Using Information From External Errors to Signal a “Clear and Present Danger”

Biases that make it difficult to learn from others’ mistakes 

There are several attribution biases that lead to normalization of errors and thwart our learning from mistakes, particularly the mistakes of others. Attribution biases refer to the way we evaluate or try to find reasons for our own behavior and others’ behavior. Unfortunately, these attributions do not always mirror reality.

First, we tend to attribute good outcomes to skill and bad outcomes to sheer bad luck—a bias called self-serving attribution (Montier, 2007). We have a relatively fragile sense of self-esteem and a tendency to protect our professional self-image (and the image of our workplace) by believing the same errors we read about could not happen to us or in our own organization. It was just terrible luck that led to the bad outcome in another organization, soon to be forgotten by all except the few who were most intimately involved in the event.

Next, we tend to quickly attribute the behavior of others to their personal disposition and personality, while overlooking the significant influence of external situational factors. This is called fundamental attribution bias. However, we tend to explain our own behavior in light of external situations, often undervaluing any personal explanations. This is known as the actor-observer bias. When we overestimate the role of personal factors and overlook the impact of external conditions or situations in others’ behavior, it becomes difficult to learn from their mistakes because we chalk them up to being caused by internal, personal flaws that don’t exist in us (Stangor, 2011). This tendency to ascribe culpability to individual flaws increases as the outcome becomes more severe—a bias called defensive attribution—making it especially hard to learn from fatal events.

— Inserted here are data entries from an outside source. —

Lemma pair_sub_r g x y : pair g (vsub x y) = pair g x - pair g y.
Proof.
  replace (vsub x y) with (vadd x (vscal (-1) y)) by (vec_eq; ring).
  rewrite pair_add_r, pair_scal_r; ring.
Qed.

Lemma pair_sub_l g h x : pair (vsub g h) x = pair g x - pair h x.
Proof.
  replace (vsub g h) with (vadd g (vscal (-1) h)) by (vec_eq; ring).
  rewrite pair_add_l, pair_scal_l; ring.
Qed.

Lemma pair_zero_r g : pair g vzero = 0.
Proof. replace vzero with (vscal 0 g) by (vec_eq; ring). rewrite pair_scal_r; ring. Qed.

Lemma pair_self_pos g : g <> vzero -> 0 < pair g g.
Proof.
  intros Hg.
  assert (Hi : exists i, g i <> 0).
  { apply not_all_ex_not. intro H0. apply Hg. vec_eq. apply H0. }
  destruct Hi as [i Hi]. apply (fsum_pos n _ i); intros; [apply Rle_0_sqr|].
  apply Rlt_0_sqr, Hi.
Qed.
End Pairing.

Section Norm.
Context {n : nat} (nrm : E n -> R) (sh : E n -> E n).
Hypothesis Hn : is_norm nrm.
Hypothesis Hs : is_sharp_map nrm sh.
Implicit Types g h x y z w : E n.

Lemma nrm_nonneg x : 0 <= nrm x. Proof. apply Hn. Qed.
Lemma nrm_scal c x : nrm (vscal c x) = Rabs c * nrm x. Proof. apply Hn. Qed.
Lemma nrm_eq0 x : nrm x = 0 -> x = vzero. Proof. apply Hn. Qed.

Lemma nrm_zero : nrm vzero = 0.
Proof.
  replace (@vzero n) with (vscal 0 (@vzero n)) by (vec_eq; ring). rewrite nrm_scal, Rabs_R0; ring.
Qed.

Lemma nrm_sub_eq0 x y : nrm (vsub x y) = 0 -> x = y.
Proof.
  intros H. apply nrm_eq0 in H. apply vext; intro i.
  pose proof (f_equal (fun u => u i) H) as Hi. unfold vsub, vzero in Hi. simpl in Hi. lra.
Qed.

Lemma nrm_sharp g : nrm (sh g) <= 1. Proof. apply Hs. Qed.

Lemma pair_le_dnorm_unit h z : nrm z <= 1 -> pair h z <= dnorm sh h.
Proof. intros. now apply (proj2 (Hs h)). Qed.

Lemma dnorm_nonneg h : 0 <= dnorm sh h.
Proof. rewrite <- (pair_zero_r h). apply pair_le_dnorm_unit. rewrite nrm_zero; lra. Qed.

Lemma pair_le_dnorm h w : pair h w <= dnorm sh h * nrm w.
Proof.
  destruct (Req_dec (nrm w) 0) as [H0|H0].
  - apply nrm_eq0 in H0; subst. rewrite pair_zero_r, nrm_zero; lra.
  - assert (Hw : 0 < nrm w) by (pose proof (nrm_nonneg w); lra).
    replace w with (vscal (nrm w) (vscal (/ nrm w) w)) at 1 by (vec_eq; field; lra).
    rewrite pair_scal_r, (Rmult_comm (dnorm sh h)). apply Rmult_le_compat_l; [lra|].
    apply pair_le_dnorm_unit.
    rewrite nrm_scal, Rabs_right by (apply Rle_ge; left; now apply Rinv_0_lt_compat).
    rewrite Rinv_l; lra.
Qed.

Lemma dnorm_pos g : g <> vzero -> 0 < dnorm sh g.
Proof.
  intros Hg. pose proof (pair_self_pos g Hg). pose proof (pair_le_dnorm g g).
  pose proof (dnorm_nonneg g). pose proof (nrm_nonneg g). nra.
Qed.
End Norm.

(** * Strong convexity of the estimate sequence *)

Definition strongly_convex1 {n} (nrm : E n -> R) (F : E n -> R) : Prop :=
  forall t z v, 0 <= t <= 1 ->
    F (vadd (vscal t z) (vscal (1 - t) v)) <=
    t * F z + (1 - t) * F v - t * (1 - t) / 2 * nrm (vsub z v) ^ 2.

Finally, we tend to be too optimistic and overconfident in our abilities and systems (Montier, 2007), particularly when assessing our vulnerability to potentially serious or fatal events. We thirst for agreement with our expectations that the tragic errors we read about could not happen in our workplace, seeking confirmation about our expectations of safety while avoiding any evidence of serious risk (Weick & Sutcliffe, 2001; Montier, 2007). We may even go through the motions of looking at our abilities and systems to determine if similar errors might happen in our organizations, but in the end, we tend to overlook any evidence that may suggest trouble (much like confirmation bias in which we see what we expect to see on a medication label, failing to see any disconfirming evidence). We subconsciously reach the conclusions we want to draw when it comes to assessing whether our patients are safe (Montier, 2007).

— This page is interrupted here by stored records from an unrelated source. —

Lemma v_sublinear_bound z : S z ->
  exists2 M, M <= F + theta * M `^ gamma & v z <= M.
Proof.
move=> Sz; have [_ [Mb vMb]] := v_Linf_upto _ Sz.
pose E := [set v w | w in slab_upto d I z.1].
have zT : slab_upto d I z.1 z by [].
have Eub : has_ubound E.
  by exists Mb => _ [w wT <-]; exact: le_trans (ler_norm _) (vMb w wT).
have v_le_sup w : slab_upto d I z.1 w -> v w <= sup E.
  by move=> wT; apply: ub_le_sup => //; exists w.
exists (sup E); last exact: v_le_sup.
apply: ge_sup; first by exists (v z), z.
by move=> _ [w wT <-]; exact: v_le_upto_bound v_le_sup _ wT.
Qed.

Lemma v_Linf : Linf S v.
Proof.
split; first by apply: measurable_fun_slab => T TI; case: (v_Linf_upto _ TI).
exists (1 + (F + theta) `^ (1 - gamma)^-1) => z Sz.
have [M M_sub vM] := v_sublinear_bound z Sz.
rewrite ger0_norm ?v_ge0 // (le_trans vM) //.
exact: sublinear_le (normLinf_f_ge0 z Sz) gamma01 _ M_sub.
Qed.

Lemma normLinf_v_le a : 0 < a -> a - F - theta * a `^ gamma = 0 ->
  (normLinf S v <= a%:E)%E.
Proof.
move=> a0 ha; apply: ge_ereal_sup => _ [z Sz <-].
have [M M_sub vM] := v_sublinear_bound z Sz.
rewrite lee_fin ger0_norm ?v_ge0 // (le_trans vM) //.
exact: sublinear_le_root (normLinf_f_ge0 z Sz) gamma01 _ _ a0 ha M_sub.
Qed.

End causal_gronwall.

Theorem mainTheorem13 (R : realType) (d : nat) (I : interval R)
  (lam : {measure set (ptsp R d) -> \bar R}) (p : R)
  (G : nat -> ptsp R d -> ptsp R d -> R) (f v : ptsp R d -> R) (gamma : R) :
  1 <= p ->
  (forall l, measurable_fun [set: ptsp R d * ptsp R d]
               (fun zw => G l zw.1 zw.2)) ->
  (forall l z w, 0 <= G l z w) ->
  (forall l z w, w.1 > z.1 -> G l z w = 0) ->
  Linf (slab d I) f ->
  (forall z, slab d I z -> 0 <= f z) ->
  (ereal_sup [set (\sum_(1 <= l <oo)
        (\int[lam]_(w in slab d I) (G l z w)%:E) `^ p^-1)%E
      | z in slab d I] < +oo)%E ->
  0 < gamma < 1 ->
  (forall z, slab d I z -> 0 <= v z) ->
  (forall T, T \in I -> Linf (slab_upto d I T) v) ->
  (forall z, slab d I z ->
     ((v z)%:E <= (f z)%:E + (\sum_(1 <= l <oo)
        \int[lam]_(w in slab d I) (G l z w * v w `^ (p * gamma))%:E)
        `^ p^-1)%E) ->
  let theta := fine (ereal_sup [set (\sum_(1 <= l <oo)
        (\int[lam]_(w in slab d I) (G l z w)%:E) `^ p^-1)%E
      | z in slab d I]) in
  Linf (slab d I) v /\
  (forall a : R, 0 < a ->
     a - fine (normLinf (slab d I) f) - theta * a `^ gamma = 0 ->
     (normLinf (slab d I) v <= a%:E)%E).
Proof.
move=> p_ge1 G_meas G_ge0 G_causal f_Linf _ theta_fin gamma01 v_ge0 v_Linf_upto
  v_ineq theta.
by split; [apply: (v_Linf _ _ _ lam p G f v gamma) |
           apply: (normLinf_v_le _ _ _ lam p G f v gamma)].
Qed.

Seeking outside knowledge 

Experience has shown that a medication error reported in one organization is also likely to occur in another, given enough time. Much knowledge can be gained when organizations look outside themselves to learn from the experiences of others. Unfortunately, recommendations for improvement, often made by those investigating a devastating error, go unheeded by others who feel they don’t apply to their organization. Still others have committees that are working on tough issues and doing their best, but they may only have an internal focus. Real knowledge about medication error prevention will not come from a committee with only an internal focus.